PINCH‐1‐Notch2 interaction promotes smooth muscle differentiation in response to mechanical cues from extracellular matrix (ECM). The decision of mesenchymal stem cells to differentiate into smooth muscle cells is influenced by their mechanoenvironment. This study shows that in response to mechanical cues from ECM, PINCH‐1 interaction with Notch2 is increased, which inhibits Notch2 degradation and consequently augments Notch2 signaling and smooth muscle differentiation.
Abstract
Extracellular matrix (ECM) stiffness plays an important role in the decision making process of smooth muscle differentiation of mesenchymal stem cells (MSCs) but the underlying mechanisms are incompletely understood. Here we show that a signaling axis consisting of PINCH‐1 and Notch2 is critically involved in mediating the effect of ECM stiffness on smooth muscle differentiation of MSCs. Notch2 level is markedly increased in ECM stiffness‐induced smooth muscle differentiation of human placental MSCs. Knockdown of Notch2 from human placental MSCs effectively inhibits ECM stiffness‐induced smooth muscle differentiation, whereas overexpression of North intracellular domain (NICD2) is sufficient to drive human placental MSC differentiation toward smooth muscle cells.

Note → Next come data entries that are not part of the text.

(* Let $\mathcal H$ be a well-structured preconditioner set. For all $M_1,M_2\in\mathcal S^d_{++}$, $P_{\mathcal H}(M_1+M_2)^2=P_{\mathcal H}(M_1)^2+P_{\mathcal H}(M_2)^2$; for every $M\in\mathcal S^d_{++}$ and $c>0$, $P_{\mathcal H}(cM)^2=cP_{\mathcal H}(M)^2$; and for all $A,B\in\mathcal S^d_{++}$ with $A\preceq B$, $P_{\mathcal H}(A)\preceq P_{\mathcal H}(B)$.
   Context: $\mathcal S^d_+$ (resp. $\mathcal S^d_{++}$) denotes the set of real symmetric positive semidefinite (resp. positive definite) $d\times d$ matrices; $\langle A,B\rangle=\operatorname{Tr}(A^\top B)$. A set $\mathcal H\subseteq\mathcal S_+^d$ is a well-structured preconditioner set if $\mathcal H=\mathcal S_+^d\cap\mathcal K$ for some set $\mathcal K$ of real $d\times d$ matrices that is closed under scalar multiplication, matrix addition and matrix multiplication and contains the identity $I_d$. For $M\in\mathcal S^d_{++}$, $P_{\mathcal H}(M):=\arg\min_{H\in\mathcal H\cap\mathcal S^d_{++}}\langle M,H^{-1}\rangle+\operatorname{Tr}(H)$ (the minimizer exists and is unique). *)

From mathcomp Require Import all_boot all_order all_algebra.
From mathcomp Require Import boolp classical_sets reals.
Set Implicit Arguments. Unset Strict Implicit. Unset Printing Implicit Defensive.
Import Order.TTheory GRing.Theory Num.Theory.
Local Open Scope ring_scope.
Local Open Scope classical_set_scope.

At the molecular level, Notch2 directly interacts with PINCH‐1. The interaction of Notch2 with PINCH‐1 is significantly increased in response to ECM stiffness favoring smooth muscle differentiation. Furthermore, depletion of PINCH‐1 from human placental MSCs reduces Notch2 level and consequently suppresses ECM stiffness‐induced smooth muscle differentiation. Re‐expression of PINCH‐1, but not that of a Notch2‐binding defective PINCH‐1 mutant, in PINCH‐1 knockdown human placental MSCs restores smooth muscle differentiation. Finally, overexpression of NICD2 is sufficient to override PINCH‐1 deficiency‐induced defect in smooth muscle differentiation. Our results identify an ECM stiffness‐responsive PINCH‐1‐Notch2 interaction that is critically involved in ECM stiffness‐induced smooth muscle differentiation of human placental MSCs.
© AlphaMed Press 2021
Significance Statement
The decision of mesenchymal stem cells (MSCs) to differentiate into different cell lineages is influenced to a great extent by mechanical cues from the extracellular matrix (ECM). This study identifies a signaling axis consisting of PINCH‐1 and Notch2 that senses the ECM mechanical signals and regulates smooth muscle differentiation of MSCs. The identification of the PINCH‐1‐Notch2 signaling axis advances our understanding of the fundamental mechanism through which cellular mechanoenvironment regulates smooth muscle differentiation and may lead to new approaches for smooth muscle tissue engineering (eg, generation of smooth muscle‐containing tissue grafts such as vascular grafts from MSCs) and regenerative medicine.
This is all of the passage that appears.